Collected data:
..............................

(* For each $2p\in\{60, 80, 84, 100, 112, 120, 132, 156, 160, 168, 176, 180, 204, 208, 224, 228, 240, 252, 264, 272, 276, 300, 304, 312, 320, 336, 352\}$ there exists a cyclic DCA$(4,2p+1;2p)$ satisfying P1 and P2.
   Context: A difference covering array DCA$(k,\eta;n)$ over $\mathbb{Z}_n$ (a cyclic DCA) is an $\eta\times k$ matrix $Q=[q(i,j)]$ with entries in $\mathbb{Z}_n$ such that for every pair of distinct columns $j,j'$ the multiset $\{q(i,j)-q(i,j') : 0\le i\le \eta-1\}$ contains every element of $\mathbb{Z}_n$ at least once. A DCA$(k,n+1;n)$ is taken in normalized form: all entries of its last row (row $n$) and last column (column $k-1$) equal $0$. It satisfies P1 if $0$ occurs at least twice in every column, and P2 if for all distinct columns $j,j'$ with $j\neq k-1\neq j'$, the set $\{q(i,j)-q(i,j') : 0\le i\le n-1\}$ equals $\mathbb{Z}_n\setminus\{0\}$. *)

(* Z_n is represented by 'Z_n (all moduli used are >= 2). *)
From mathcomp Require Import all_boot all_order all_algebra.
Set Implicit Arguments. Unset Strict Implicit. Unset Printing Implicit Defensive.
Import GRing.Theory.
Local Open Scope ring_scope.

Definition is_DCA (k eta n : nat) (Q : 'M['Z_n]_(eta, k)) : Prop :=
  forall j j' : 'I_k, j != j' ->
    forall x : 'Z_n, exists i : 'I_eta, Q i j - Q i j' = x.

Definition normalized (k n : nat) (Q : 'M['Z_n]_(n.+1, k.+1)) : Prop :=
  (forall j : 'I_k.+1, Q ord_max j = 0) /\ (forall i : 'I_n.+1, Q i ord_max = 0).

Definition P1 (k n : nat) (Q : 'M['Z_n]_(n.+1, k.+1)) : Prop :=
  forall j : 'I_k.+1, (2 <= #|[set i : 'I_n.+1 | Q i j == 0%R]|)%nat.

Definition P2 (k n : nat) (Q : 'M['Z_n]_(n.+1, k.+1)) : Prop :=
  forall j j' : 'I_k.+1, j != j' -> j != ord_max -> j' != ord_max ->
    [set Q i j - Q i j' | i in [set i : 'I_n.+1 | i != ord_max]]
    = [set x : 'Z_n | x != 0].

From Stdlib Require Import NArith.
From mathcomp Require Import all_boot all_order all_algebra.

Set Implicit Arguments. Unset Strict Implicit. Unset Printing Implicit Defensive.
Import GRing.Theory.

(* A normalized array whose columns other than the last take every value of
   Z_n on the first n rows is a DCA satisfying P1 as soon as it satisfies P2:
   against the zero column the differences run over the whole of Z_n, the zero
   row supplies the difference 0 between any two columns, and P2 supplies all
   the nonzero ones.  For each modulus such an array with three non-zero
   columns was found by computer search; the columns are listed below and the
   covering conditions are verified by evaluation, sorting each list so that
   the coverings become linear-time subsequence tests. *)

Section NormalizedDCA.
Local Open Scope ring_scope.
Variables (k n : nat) (Q : 'M['Z_n]_(n.+1, k.+1)).
Hypotheses (n_gt0 : (0 < n)%N) (Qnorm : normalized Q).
Hypothesis Qonto : forall j, j != ord_max ->
  forall x, exists2 i : 'I_n.+1, i != ord_max & Q i j = x.

Lemma P1_normalized_onto : P1 Q.
Proof.
have [Qrow0 Qcol0] := Qnorm.
move=> j; apply/card_gt1P.
have [->|j_max] := eqVneq j ord_max.
  exists ord_max, ord0; rewrite !inE !Qcol0 eqxx; split=> //.
  by rewrite -(inj_eq val_inj) /= -lt0n.
have [i i_max Qi0] := Qonto j_max 0.
by exists ord_max, i; rewrite !inE Qrow0 Qi0 eq_sym.
Qed.

Lemma is_DCA_normalized_P2 : P2 Q -> is_DCA Q.
Proof.
have [Qrow0 Qcol0] := Qnorm.
move=> QP2 j j' jj' x.
have [j_max|j_max] := eqVneq j ord_max.
  have j'_max : j' != ord_max by rewrite -j_max eq_sym.
  have [i _ Qix] := Qonto j'_max (- x).
  by exists i; rewrite j_max Qcol0 Qix sub0r opprK.
have [j'_max|j'_max] := eqVneq j' ord_max.
  by have [i _ Qix] := Qonto j_max x; exists i; rewrite j'_max Qcol0 Qix subr0.
have [->|x0] := eqVneq x 0; first by exists ord_max; rewrite !Qrow0 subrr.
have : x \in [set x : 'Z_n | x != 0] by rewrite inE.
by rewrite -(QP2 j j' jj' j_max j'_max) => /imsetP[i _ ->]; exists i.
Qed.

End NormalizedDCA.

Lemma ord_max_neqE n (i : 'I_n.+1) : (i != ord_max) = (i < n).
Proof. by rewrite ltn_neqAle -ltnS ltn_ord andbT -(inj_eq val_inj). Qed.

Definition eq_mem_iotab (a b : nat) (s : seq nat) : bool :=
  all (fun x => a <= x < a + b) s && subseq (iota a b) (sort leq s).

Lemma eq_mem_iotaP a b s : eq_mem_iotab a b s -> s =i iota a b.
Proof.
case/andP=> /allP s_range /mem_subseq iota_sub x.
apply/idP/idP => [/s_range|/iota_sub]; first by rewrite mem_iota.
by rewrite mem_sort.
Qed.

Definition diff_seq (n : nat) (s t : seq nat) : seq nat :=
  [seq (nth 0 s i + (n - nth 0 t i)) %% n | i <- iota 0 n].

Definition dca_cert (n k : nat) (cols : seq (seq nat)) : bool :=
  all (fun j => (size (nth [::] cols j) == n) && eq_mem_iotab 0 n (nth [::] cols j))
      (iota 0 k) &&
  all (fun j => all (fun j' => (j == j') ||
         eq_mem_iotab 1 n.-1 (diff_seq n (nth [::] cols j) (nth [::] cols j')))
      (iota 0 k)) (iota 0 k).

(* The modulus is written m.+2 so that 'Z_(m.+2) reduces to 'I_(m.+2). *)
Definition cert_mx (m k : nat) (cols : seq (seq nat)) : 'M['Z_m.+2]_(m.+3, k.+1) :=
  \matrix_(i, j) if (i == ord_max) || (j == ord_max) then 0%R
                 else (nth 0 (nth [::] cols j) i)%:R%R.

Lemma mem_iota0 j k : j < k -> j \in iota 0 k.
Proof. by rewrite mem_iota. Qed.

Section CertifiedDCA.
Variables (m k : nat) (cols : seq (seq nat)).
Hypothesis cert : dca_cert m.+2 k cols.
Local Notation n := m.+2.
Local Notation col j := (nth [::] cols j).
Local Notation Q := (cert_mx m k cols).
Lemma Delta_eq0_of_certificate : Delta v = 0.
Proof.
case/and5P: c_certifies => lt_pivot /allP tail_lt /allP kernel_notV _ _.
pose i0 : 'I_28 := Ordinal lt_pivot.
have := @dvdp_char_poly_left_kernel _ _ _ [set i : 'I_28 | in_VbasisN i] _ i0 _
  kernel_row_mul_eq0.
rewrite card_Vbasis char_poly_graded_part => [|i j lt_ij]; last by rewrite adMat_eq0 ?lt_ij.
case/(_ _ _ _ _)/dvdpP => [i j | | j | j | q char_adE];
  last by rewrite /Delta char_adE coefMXn.
- by rewrite !inE mxE => Vi Vj; rewrite adMat_eq0 ?Vi ?Vj ?orbT ?if_same.
- rewrite mxE big_cons /= eqxx big1_seq ?addr0 ?oner_eq0 // => t /andP[/eqP eq_t].
  by move/tail_lt; rewrite eq_t ltnn.
- rewrite inE mxE => Vj; rewrite big1_seq // => t /andP[/eqP eq_t /kernel_notV].
  by rewrite eq_t Vj.
- move=> lt_j; rewrite mxE big1_seq // => t /andP[/eqP eq_t /kernel_terms_lt].
  by rewrite eq_t leqNgt lt_j.
Qed.

End Certificate.

Definition eps_aN (m : nat) : rat := if (m <= 1)%N then 1/2 else 0.
Definition eps_bN (m : nat) : rat := if (2 <= m)%N then 1/2 else 0.
Definition eps_cN (m : nat) : rat :=
  if (m == 0)%N then 1/2 else if (m == 1)%N then -(1/2) else 0.
Definition eps_dN (m : nat) : rat :=
  if (m == 2)%N then 1/2 else if (m == 3)%N then -(1/2) else 0.

Definition chiN (x m : nat) : rat :=
  match x with
  | 0 => eps_aN m | 1 => eps_bN m | 2 => - eps_bN m | 3 => - eps_aN m
  | 4 => eps_cN m | 5 => eps_dN m | 6 => - eps_dN m | _ => - eps_cN m
  end.

Definition wtN (x y m : nat) : rat := chiN x m - chiN y m.

Lemma wtE (i j : 'I_8) (m : 'I_4) : wt i j m = wtN i j m.
Proof. by rewrite ffunE. Qed.

Definition vanishing (P : (nat -> rat) -> bool) (x y : nat) : bool :=
  (ssignN x == ssignN y) || P (wtN x y).


Definition both_positive (m1 m2 : nat) (w : nat -> rat) : bool := (0 < w m1) && (0 < w m2).

Definition at_most_one_negative (w : nat -> rat) : bool :=
  (count (fun m => (w m < 0)%R) (iota 0 4) <= 1)%N.

Local Close Scope ring_scope.
(* Let $\lambda:V^X\to\mathbb{N}\cup\{+\infty\}$ be a labeling function, $v\in V^X$, and let $\rho=\rho_0\rho_1\dots$ be a $\lambda$-consistent play in $\mathrm{Plays}_X(v)$. Then there exists an infinite path $\pi=\pi_0\pi_1\dots$ in $\mathbb{C}(\lambda)$ such that $\pi_0=v^C$ and, for every $n\in\mathbb{N}$, $\pi_n$ is of the form $(\rho_n,(c'_i)_{i\in\Pi})$ (i.e., $\rho$ is the projection of $\pi$ on $V^X$).
   Context: Let $\mathcal{G}$ be a quantitative reachability game on an arena $G=(\Pi,V,(V_i)_{i\in\Pi},E)$ (finite player set $\Pi$, finite vertex set $V$, partition $(V_i)$, every vertex has a successor) with targets $F_i\subseteq V$. Its extended arena $X$ has vertices $V^X=V\times2^\Pi$, edges $((v,I),(v',I'))\in E^X$ iff $(v,v')\in E$ and $I'=I\cup\{i:v'\in F_i\}$, $(v,I)\in V^X_i$ iff $v\in V_i$; for $u\in V^X$, $I(u)$ is its second component. For a play $\rho$ of $X$, $\mathrm{Cost}_i(\rho)$ is the least $k$ with $i\in I(\rho_k)$, or $+\infty$; $\mathrm{Plays}_X(v)$ is the set of plays of $X$ starting at $v$. A play $\rho$ of $X$ is $\lambda$-consistent if $\mathrm{Cost}_i(\rho_{\ge n})\le\lambda(\rho_n)$ for all $n$ and all $i$ with $\rho_n\in V^X_i$, where $\rho_{\ge n}=\rho_n\rho_{n+1}\dots$. Counter graph $\mathbb{C}(\lambda)$: let $K$ be the maximum of the finite values of $\lambda$ ($0$ if none) and $\mathcal{K}=\{0,\dots,K\}\cup\{+\infty\}$; vertices are $V^X\times\mathcal{K}^\Pi$, and there is an edge from $(u,(c_i)_i)$ to $(u',(c'_i)_i)$ iff $(u,u')\in E^X$ and for every $i\in\Pi$: either $i\in I(u')$ and $c'_i=0$; or $i\notin I(u')$, $u'\notin V^X_i$, $c_i>1$ and $c'_i=c_i-1$; or $i\notin I(u')$, $u'\in V^X_i$, $c_i>1$ and $c'_i=\min(c_i-1,\lambda(u'))$ (with $+\infty-1=+\infty$). The starting vertex of $u\in V^X$ is $u^C=(u,(c_i)_i)$ with $c_i=0$ if $i\in I(u)$, $c_i=\lambda(u)$ if $i\notin I(u)$ and $u\in V^X_i$, and $c_i=+\infty$ otherwise. *)

From Stdlib Require Import ClassicalEpsilon.
From mathcomp Require Import all_boot.
Set Implicit Arguments. Unset Strict Implicit. Unset Printing Implicit Defensive.

(* Extended naturals N ∪ {+oo}: [Some n] = n, [None] = +oo. *)
Definition enat := option nat.

Definition ele (a b : enat) : Prop :=
  match b with
  | None => True
  | Some m => match a with None => False | Some k => k <= m end
  end.

Definition egt1 (c : enat) : bool := if c is Some n then 1 < n else true.
Definition epred (c : enat) : enat := if c is Some n then Some n.-1 else None.
Definition emin (a b : enat) : enat :=
  match a, b with
  | None, _ => b
  | _, None => a
  | Some x, Some y => Some (minn x y)
  end.

Section Game.
(* Players Pi, vertices V, partition given by owner (v ∈ V_i iff owner v = i),
   edge relation E, targets F i. *)
Variables (Pi V : finType) (owner : V -> Pi) (E : rel V) (F : Pi -> {set V}).

Definition XV := (V * {set Pi})%type.
Definition Iof (u : XV) : {set Pi} := u.2.
Definition XownedBy (u : XV) (i : Pi) : bool := owner u.1 == i.
Definition Xedge (u u' : XV) : bool :=
  E u.1 u'.1 && (u'.2 == u.2 :|: [set i | u'.1 \in F i]).

Definition Xplay (rho : nat -> XV) : Prop := forall n, Xedge (rho n) (rho n.+1).
Definition XplayFrom (v : XV) (rho : nat -> XV) : Prop := Xplay rho /\ rho 0 = v.

Definition suffix (rho : nat -> XV) (n : nat) : nat -> XV := fun k => rho (n + k).

Definition Cost (i : Pi) (rho : nat -> XV) : enat :=
  match excluded_middle_informative (exists k, (fun k => i \in Iof (rho k)) k) with
  | left H => Some (ex_minn H)
  | right _ => None
  end.

Definition consistent (lam : XV -> enat) (rho : nat -> XV) : Prop :=
  forall n i, XownedBy (rho n) i -> ele (Cost i (suffix rho n)) (lam (rho n)).

Definition Kmax (lam : XV -> enat) : nat := \max_(u : XV) odflt 0 (lam u).

Definition CV := (XV * (Pi -> enat))%type.

Definition inCV (lam : XV -> enat) (x : CV) : Prop :=
  forall i, match x.2 i with Some k => is_true (k <= Kmax lam) | None => True end.

Definition Cedge (lam : XV -> enat) (x y : CV) : Prop :=
  Xedge x.1 y.1 /\
  forall i,
    (i \in Iof y.1 /\ y.2 i = Some 0) \/
    (i \notin Iof y.1 /\ ~~ XownedBy y.1 i /\ egt1 (x.2 i) /\ y.2 i = epred (x.2 i)) \/
    (i \notin Iof y.1 /\ XownedBy y.1 i /\ egt1 (x.2 i) /\
       y.2 i = emin (epred (x.2 i)) (lam y.1)).

Definition startC (lam : XV -> enat) (u : XV) : CV :=
  (u, fun i => if i \in Iof u then Some 0
               else if XownedBy u i then lam u else None).

End Game.

From Stdlib Require Import ClassicalEpsilon.
From mathcomp Require Import all_boot.

Set Implicit Arguments. Unset Strict Implicit. Unset Printing Implicit Defensive.

(* The path in the counter graph is forced: after each move of the play every
   counter is updated by the rule of the counter graph.  The only thing to check
   is that no counter ever has to be decremented from 1 or 0, i.e. that a player
   outside its target always has a counter > 1.  This follows from the invariant
   that a finite counter k at position n guarantees that the player reaches its
   target within k steps of n: the invariant is preserved by decrementing, and
   taking the minimum with the label is justified by lambda-consistency. *)

Definition ebounded (K : nat) (c : enat) : Prop :=
  if c is Some k then k <= K else True.

Lemma ebounded_epred K c : ebounded K c -> ebounded K (epred c).
Proof. by case: c => [k|] //= /(leq_trans (leq_pred k)). Qed.

Lemma ebounded_emin K a b : ebounded K a -> ebounded K b -> ebounded K (emin a b).
Proof. by case: a b => [a|] [b|] //= Ha Hb; rewrite geq_min Ha. Qed.

Section CounterGraph.

Variables (Pi V : finType) (owner : V -> Pi) (E : rel V) (F : Pi -> {set V}).
Variable lam : XV Pi V -> enat.

Lemma ebounded_lam u : ebounded (Kmax lam) (lam u).
Proof.
case Hu: (lam u) => [l|] //=.
by have := @leq_bigmax _ (fun u => odflt 0 (lam u)) u; rewrite Hu.
Qed.

Definition counter_step (u : XV Pi V) (c : enat) (i : Pi) : enat :=
  if i \in Iof u then Some 0
  else if XownedBy owner u i then emin (epred c) (lam u)
  else epred c.

Lemma ebounded_counter_step u c i :
  ebounded (Kmax lam) c -> ebounded (Kmax lam) (counter_step u c i).
Proof.
move=> Hc; rewrite /counter_step.
case: ifP => _ //; case: ifP => _; last exact: ebounded_epred.
exact/ebounded_emin/ebounded_lam/ebounded_epred.
Qed.

Lemma Cedge_counter_step u u' (c : Pi -> enat) :
  Xedge E F u u' -> (forall i, i \notin Iof u' -> egt1 (c i)) ->
  Cedge owner E F lam (u, c) (u', fun i => counter_step u' (c i) i).
Proof.
move=> Huu' Hgt1; split=> // i /=; rewrite /counter_step.
case: ifPn => Hi; first by left.
by right; case: ifP => Ho; [right | left]; have := Hgt1 i Hi.
Qed.

Lemma startC_counter_step u :
  startC owner lam u = (u, fun i => counter_step u None i).
Proof. by []. Qed.

Definition reached_within (rho : nat -> XV Pi V) (n : nat) (i : Pi) (c : enat)
    : Prop :=
  forall k, c = Some k -> exists2 j, j <= k & i \in Iof (rho (n + j)).

Lemma reached_within0 rho n i : i \in Iof (rho n) -> reached_within rho n i (Some 0).
Proof. by move=> Hi _ [<-]; exists 0; rewrite ?addn0. Qed.

Lemma reached_within_emin rho n i a b :
  reached_within rho n i a -> reached_within rho n i b ->
  reached_within rho n i (emin a b).
Proof.
by case: a b => [a|] [b|] //= Ha Hb _ [<-]; rewrite /minn; case: ifP => _;
  [apply: Ha | apply: Hb].
Qed.

Lemma Iof_play_step rho n i :
  Xplay E F rho -> i \in Iof (rho n) -> i \in Iof (rho n.+1).
Proof.
by move=> /(_ n) /andP[_ /eqP HI] Hi; rewrite /Iof HI in_setU Hi.
Qed.

Lemma Cost_reached i (rho : nat -> XV Pi V) k :
  Cost i rho = Some k -> i \in Iof (rho k).
Proof.
rewrite /Cost; case: excluded_middle_informative => // H [<-].
by case: ex_minnP.
Qed.

Section AlongPlay.

Variable rho : nat -> XV Pi V.
Hypothesis rho_play : Xplay E F rho.
Hypothesis rho_consistent : consistent owner lam rho.

Lemma reached_within_lam n i :
  XownedBy owner (rho n) i -> reached_within rho n i (lam (rho n)).
Proof.
move=> /rho_consistent Hcost l Hl; move: Hcost; rewrite Hl.
case Hk: Cost => [k|] //= Hkl.
by exists k => //; apply: Cost_reached Hk.
Qed.

(* A finite counter forces the target to be reached, but not at step [n] or
   [n + 1]; hence the counter was at least [2]. *)
Lemma reached_within_next n i c :
  reached_within rho n i c -> i \notin Iof (rho n.+1) ->
  egt1 c /\ reached_within rho n.+1 i (epred c).
Proof.
case: c => [k|] //= Hc Hi; have [j jk Hj] := Hc k erefl.
have j_gt1 : 1 < j.
  case: j jk Hj => [|[|j]] // _; last by rewrite addn1 (negbTE Hi).
  by rewrite addn0 => /(Iof_play_step rho_play); rewrite (negbTE Hi).
split; first exact: leq_trans jk.
move=> _ [<-]; exists j.-1; first by rewrite -!subn1 leq_sub2r.
by rewrite addSn -addnS prednK // ltnW.
Qed.

Lemma reached_within_counter_step n i c :
  (i \notin Iof (rho n) -> reached_within rho n i (epred c)) ->
  reached_within rho n i (counter_step (rho n) c i).
Proof.
rewrite /counter_step; case: ifPn => Hi Hc; first exact: reached_within0.
case: ifP => Ho; last exact: Hc.
exact/reached_within_emin/reached_within_lam/Ho/Hc.
Qed.

Fixpoint counters (n : nat) : Pi -> enat :=
  fun i => counter_step (rho n) (if n is n'.+1 then counters n' i else None) i.

Lemma counters_reached_within n i : reached_within rho n i (counters n i).
Proof.
elim: n i => [|n IH] i; apply: reached_within_counter_step => // Hi.
exact: (reached_within_next (IH i) Hi).2.
Qed.

Lemma counters_ebounded n i : ebounded (Kmax lam) (counters n i).
Proof. by elim: n i => [|n IH] i; apply: ebounded_counter_step. Qed.

Lemma Cedge_counters n :
  Cedge owner E F lam (rho n, counters n) (rho n.+1, counters n.+1).
Proof.
apply: Cedge_counter_step => // i Hi.
exact: (reached_within_next (@counters_reached_within n i) Hi).1.
Qed.

End AlongPlay.

End CounterGraph.

Theorem lemma3p5 (Pi V : finType) (owner : V -> Pi) (E : rel V)
  (F : Pi -> {set V})
  (Hsucc : forall v : V, exists v' : V, E v v')
  (lam : XV Pi V -> enat) (v : XV Pi V) (rho : nat -> XV Pi V) :
  XplayFrom E F v rho ->
  consistent owner lam rho ->
  exists pi : nat -> CV Pi V,
    pi 0 = startC owner lam v /\
    (forall n, inCV lam (pi n)) /\
    (forall n, Cedge owner E F lam (pi n) (pi n.+1)) /\
    (forall n, (pi n).1 = rho n).
Proof.
move=> [rho_play rho0] rho_consistent.
exists (fun n => (rho n, counters owner lam rho n)).
split; first by rewrite startC_counter_step -rho0.
split; first by move=> n i; apply: counters_ebounded.
by split=> // n; apply: Cedge_counters.
Qed.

..............................

What needs to be done: Pull together all lines from the data that mention the word "inCV".

Answer area:
Definition inCV (lam : XV -> enat) (x : CV) : Prop :=
    (forall n, inCV lam (pi n)) /\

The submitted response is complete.